Chemotherapy is an effective option to treat recurrent or metastatic cancer but its debilitating side-effects limit the dose and time of exposure. Prodrugs that can be activated locally by an activating enzyme can minimize collateral damage from chemotherapy. We previously demonstrated the efficacy of a poly-L-lysine-based theranostic nanoplex containing bacterial cytosine deaminase (bCD) that locally converted 5-fluorocytosine (5-FC) to the chemotherapeutic agent 5-fluorouracil in MDA-MB-231 primary tumor xenografts.

Here we used a more effective variant of bCD to target metastatic red fluorescence protein expressing MDA-MB-435 cells in the lungs. We used an intravenous injection of tumor cells and monitored tumor growth in the lungs for 5 weeks by which time metastatic nodules were detected with optical imaging. The animals were then treated with the bCD-nanoplex and 5-FC.

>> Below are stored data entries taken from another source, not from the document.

Lemma integral_atom n :
  (\int[mu]_(x in A n) (F x)%:E = (c n * m (A n))%:E)%E.
Proof.
have mAn := measurable_atom n.
rewrite (ae_eq_integral (cst (c n)%:E)) //.
- by rewrite integral_cst // EFinM -rmeasureE.
- by apply/measurable_EFinP; exact: measurable_funS mF.
- by apply: filterS (hc n) => x cAx /cAx ->.
Qed.

Lemma measurable_N : measurable N.
Proof.
by apply: measurableC; apply: bigcup_measurable => k _; exact: measurable_atom.
Qed.

Lemma nonatomic_N P : measurable P -> P `<=` N -> 0 < m P ->
  exists Q, [/\ measurable Q, Q `<=` P, 0 < m Q & m Q < m P].
Proof.
move=> mP PN P0; apply: contrapT => noQ.
have Patom : is_atom mu P.
  split=> //; split=> [|B mB BP]; first by rewrite rmeasureE // lte_fin.
  have B_le := le_rmeasure mu mB mP BP; have B_ge0 := rmeasure_ge0 mu B.
  have [B0|B_neq0] := eqVneq (m B) 0; first by left; rewrite rmeasureE // B0.
  have [BP_eq|BP_neq] := eqVneq (m B) (m P).
    by right; rewrite !rmeasureE // BP_eq.
  exfalso; apply: noQ; exists B; split => //; first by rewrite lt_def B_neq0.
  by rewrite lt_def eq_sym BP_neq.
have [i] := hall Patom.
have -> : P `\` A i = P.
  apply/seteqP; split => [x []//|x Px]; split => // Ai.
  by apply: (PN x Px); exists i.
by move=> P0'; move: P0; rewrite /rmeasure P0' ltxx.
Qed.

Lemma N_level_null P s del : measurable P -> P `<=` N -> (s = 1 \/ s = -1) ->
  0 < del -> (forall x, P x -> s * cl + del <= s * F x) -> m P = 0.
Proof.
move=> mP PN hs del0 hP; apply/eqP; apply: contraT => P_neq0.
have P0 : 0 < m P by rewrite lt_def P_neq0 rmeasure_ge0.
have [n1 _ hn1] := cvgr_dist_lt _ _ cc _ del0.
have [n n1n An_le] := disjoint_rmeasure_small mu measurable_atom hdisj n1 P0.
have [S [mS SP mSE]] :=
  sierpinski (mu := mu) nonatomic_N mP PN (rmeasure_ge0 mu _) An_le.
(* S and A n have the same measure, hence the same integral of F; but the
   average of s * F is at least s * cl + del over S and is s * c n over A n. *)
have SAn : mu S = mu (A n).
  by rewrite !rmeasureE ?mSE //; exact: measurable_atom.
have lb : (((s * cl + del) * m S)%:E <= s%:E * \int[mu]_(x in S) (F x)%:E)%E.
  rewrite -integralZl //; last exact: integrableF.
  rewrite EFinM -rmeasureE // -integral_cst //; apply: le_integral => //.
  - exact: finite_measure_integrable_cst.
  - by apply: integrableZl => //; exact: integrableF.
  - by move=> x /set_mem Sx /=; rewrite -EFinM lee_fin; exact/hP/SP.
rewrite (eq_integral_eqmeas mS (measurable_atom n) SAn) integral_atom in lb.
rewrite -EFinM lee_fin mSE in lb.
have := rmeasure_atom_gt0 n; have := hn1 n n1n.
rewrite /= ltr_norml => /andP[cn_gt cn_lt] An0.
by rewrite /cl in lb; case: hs => s1; rewrite s1 in lb; nra.
Qed.

Lemma ae_N_dist_lt del : 0 < del ->
  {ae mu, forall x, N x -> `|F x - cl| < del}.
Proof.
move=> del0.
have level_ae s : s = 1 \/ s = -1 ->
    {ae mu, forall x, N x -> s * F x < s * cl + del}.
  move=> hs; pose P := N `&` [set x | s * cl + del <= s * F x].
  have mP : measurable P.
    apply: measurableI measurable_N (measurable_ge_set _ _).
    by apply: measurable_funM.
  apply: (null_set_ae mP).
    by rewrite rmeasureE // (N_level_null mP _ hs del0) // => x [].
  by move=> x nPx Nx; rewrite ltNge; apply/negP => hx; apply: nPx.
apply: filterS (filterI (level_ae 1 (or_introl erefl))
  (level_ae (-1) (or_intror erefl))) => x [h1 h2] Nx.
have := h1 Nx; have := h2 Nx; rewrite !mul1r !mulN1r ltr_norml => ? ?.
by apply/andP; split; lra.
Qed.

Lemma F_eq_lim_on_N : {ae mu, forall x, N x -> F x = cl}.
Proof. exact: ae_eq_of_dist_lt ae_N_dist_lt. Qed.

Lemma closure_integrable_mulFB h a : eqmeas_closure mu h ->
  mu.-integrable setT (EFin \o (fun x => h x * (F x - a))).
Proof.
case=> ih _; apply: (integrableM_ae_bounded (M := M + `|a|)) ih _ _.
  by apply: measurable_funB.
apply: filterS FM => x FMx.
by apply: le_trans (ler_normB _ _) _; rewrite lerD2r.
Qed.

Lemma closure_integral_mulFB h a : eqmeas_closure mu h ->
  (\int[mu]_x (h x * (F x - a))%:E = 0)%E.
Proof.
move=> hX; have [ih _] := hX.
have iha : mu.-integrable setT (EFin \o (fun x => h x * a)).
  apply: (eq_integrable measurableT _ _ _ (integrableZl measurableT a ih)).
  by move=> x _; rewrite /= mulrC EFinM.
under eq_integral do rewrite mulrBr EFinB.
rewrite integralB_EFin ?Forth //; last exact: integrableM_ae_bounded ih mF FM.
under eq_integral do rewrite mulrC EFinM.
by rewrite integralZl // eqmeas_closure_integral0 // mule0 sube0.
Qed.

Lemma atom_residual_le i n e h : (i <= n)%N ->
  (forall j, (n < j)%N -> `|c j - cl| <= e) ->
  {ae mu, forall x, (\bigcup_(j in [set j | (j <= n)%N]) A j) x ->
                    h x = \1_(A i) x} ->
  {ae mu, forall x, `|h x * (F x - cl) - (c i - cl) * \1_(A i) x|
                    <= e * `|h x|}.
Proof.
move=> i_n c_near hA.
have e0 : 0 <= e by apply: le_trans (c_near n.+1 (ltnSn n)).
apply: filterS (filterI hA (filterI (ae_foralln hc) F_eq_lim_on_N)).
move=> x [hAx [Fc FN]].
have [[j _ Ajx]|nA] := pselect ((\bigcup_j A j) x); last first.
  rewrite FN // subrr mulr0 indicE memNset ?mulr0 ?subr0 ?normr0 ?mulr_ge0 //.
  by move=> Aix; apply: nA; exists i.
rewrite (Fc j Ajx); have [ji|ji] := eqVneq j i.
  subst j; rewrite hAx; last by exists i.
  by rewrite indicE mem_set // mul1r mulr1 subrr normr0 mulr_ge0.
have Aix0 : \1_(A i) x = 0 :> R.
  rewrite indicE memNset // => Aix.
  by have /seteqP[/(_ x (conj Ajx Aix))] := hdisj (elimN eqP ji).
rewrite Aix0 mulr0 subr0; have [j_le_n|n_lt_j] := leqP j n.
  by rewrite hAx ?Aix0 ?mul0r ?normr0 ?mulr_ge0 //; exists j.
by rewrite normrM mulrC; apply: ler_wpM2r => //; exact: c_near.
Qed.

Lemma atom_value_le i e : 0 < e -> `|c i - cl| <= e * K.
Proof.
move=> e0; have [n1 _ hn1] := cvgr_dist_lt _ _ cc _ e0.
have [h hX [hA hK_i]] := hK i (maxn n1 i).
have [ih _] := hX; have mAi := measurable_atom i.
have c_near j : (maxn n1 i < j)%N -> `|c j - cl| <= e.
  by move/ltnW; rewrite geq_max => /andP[n1j _]; rewrite distrC ltW // hn1.
pose r x := h x * (F x - cl) - (c i - cl) * \1_(A i) x.
have iA : mu.-integrable setT (EFin \o (fun x => (c i - cl) * \1_(A i) x)).
  apply: (eq_integrable measurableT _ _ _ (integrableZl measurableT (c i - cl)
    (integrable_indic mu mAi))).
  by move=> x _; rewrite /= EFinM.
have ir : mu.-integrable setT (EFin \o r).
  apply: (eq_integrable measurableT _ _ _ (integrableB measurableT
    (closure_integrable_mulFB cl hX) iA)).
  by move=> x _; rewrite /= /r EFinB.
have int_r : (\int[mu]_x (r x)%:E = - ((c i - cl) * m (A i))%:E)%E.
  rewrite /r; under eq_integral do rewrite EFinB.
  rewrite integralB_EFin ?closure_integrable_mulFB // closure_integral_mulFB //.
  under eq_integral do rewrite EFinM.
  rewrite (integralZl measurableT (integrable_indic mu mAi)).
  rewrite integral_indic // setIT EFinM /rmeasure fineK ?fin_num_measure //.
  by rewrite sub0e.
have le_r : (`|\int[mu]_x (r x)%:E| <= \int[mu]_x (e * `|h x|)%:E)%E.
  apply: abse_integral_ae_le ir _ _
    (atom_residual_le (leq_maxr n1 i) c_near hA).
  - have /measurable_EFinP mh := measurable_int mu ih.
    by apply: measurable_funM => //; exact: measurableT_comp.
  - by move=> x; apply: mulr_ge0 => //; exact: ltW.
have int_eh : (\int[mu]_x (e * `|h x|)%:E = e%:E * \int[mu]_x (`|h x|)%:E)%E.
  under eq_integral do rewrite EFinM.
  by rewrite integralZl //; exact: integrable_norm.
have e0E : (0 <= e%:E)%E by rewrite lee_fin ltW.
move: le_r; rewrite int_r abseN int_eh => /le_trans/(_ (lee_wpmul2l e0E hK_i)).
rewrite (rmeasureE mu mAi) -!EFinM lee_fin normrM mulrA.
by rewrite (gtr0_norm (rmeasure_atom_gt0 i)) ler_pM2r ?rmeasure_atom_gt0.
Qed.

Lemma atom_value i : c i = cl.
Proof.
by apply/subr0_eq/(@eq0_le_mul_eps _ _ K) => e e0; exact: atom_value_le.
Qed.

Lemma F_ae_const : exists k : R, {ae mu, forall x, F x = k}.
Proof.
exists cl; apply: filterS (filterI (ae_foralln hc) F_eq_lim_on_N) => x [Fc FN].
have [[j _ Ajx]|nA] := pselect ((\bigcup_j A j) x); last exact: FN.
by rewrite (Fc j Ajx) atom_value.
Qed.

End atoms.

Theorem theorem2p2 (d : measure_display) (T : measurableType d) (R : realType)
  (mu : {finite_measure set T -> \bar R}) (A : nat -> set T)
  (hatom : forall i, is_atom mu (A i))
  (hdisj : forall i j, i <> j -> A i `&` A j = set0)
  (hall : forall B, is_atom mu B -> exists i, mu (B `\` A i) = 0%E)
  (hdec : forall i, (mu (A i.+1) <= mu (A i))%E)
  (K : R)
  (hK : forall i m : nat, exists2 h, eqmeas_closure mu h &
     {ae mu, forall x, (\bigcup_(j in [set j | (j <= m)%N]) A j) x ->
                       h x = \1_(A i) x} /\
     (\int[mu]_x (`|h x|)%:E <= K%:E * mu (A i))%E)
  (F : T -> R) (mF : measurable_fun setT F)
  (Fbd : exists M : R, {ae mu, forall x, `|F x| <= M})
  (Forth : forall h, eqmeas_closure mu h -> (\int[mu]_x (h x * F x)%:E)%E = 0%E)
  (Flim : exists c : nat -> R,
     (forall n, {ae mu, forall x, A n x -> F x = c n}) /\ cvgn c) :
  exists k : R, {ae mu, forall x, F x = k}.
Proof.
have [M FM] := Fbd; have [c [hc cc]] := Flim.
exact (F_ae_const hatom hdisj hall hK mF FM Forth hc cc).
Qed.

We observed a significant decrease in metastatic burden with a single dose of the enzyme-nanoplex and two consecutive prodrug injections.

These results are a first step towards the longitudinal evaluation of such a strategy with multiple doses. Additionally, the enzyme can be directly coupled to imaging reporters to time prodrug administration for the detection and treatment of aggressive metastatic cancer.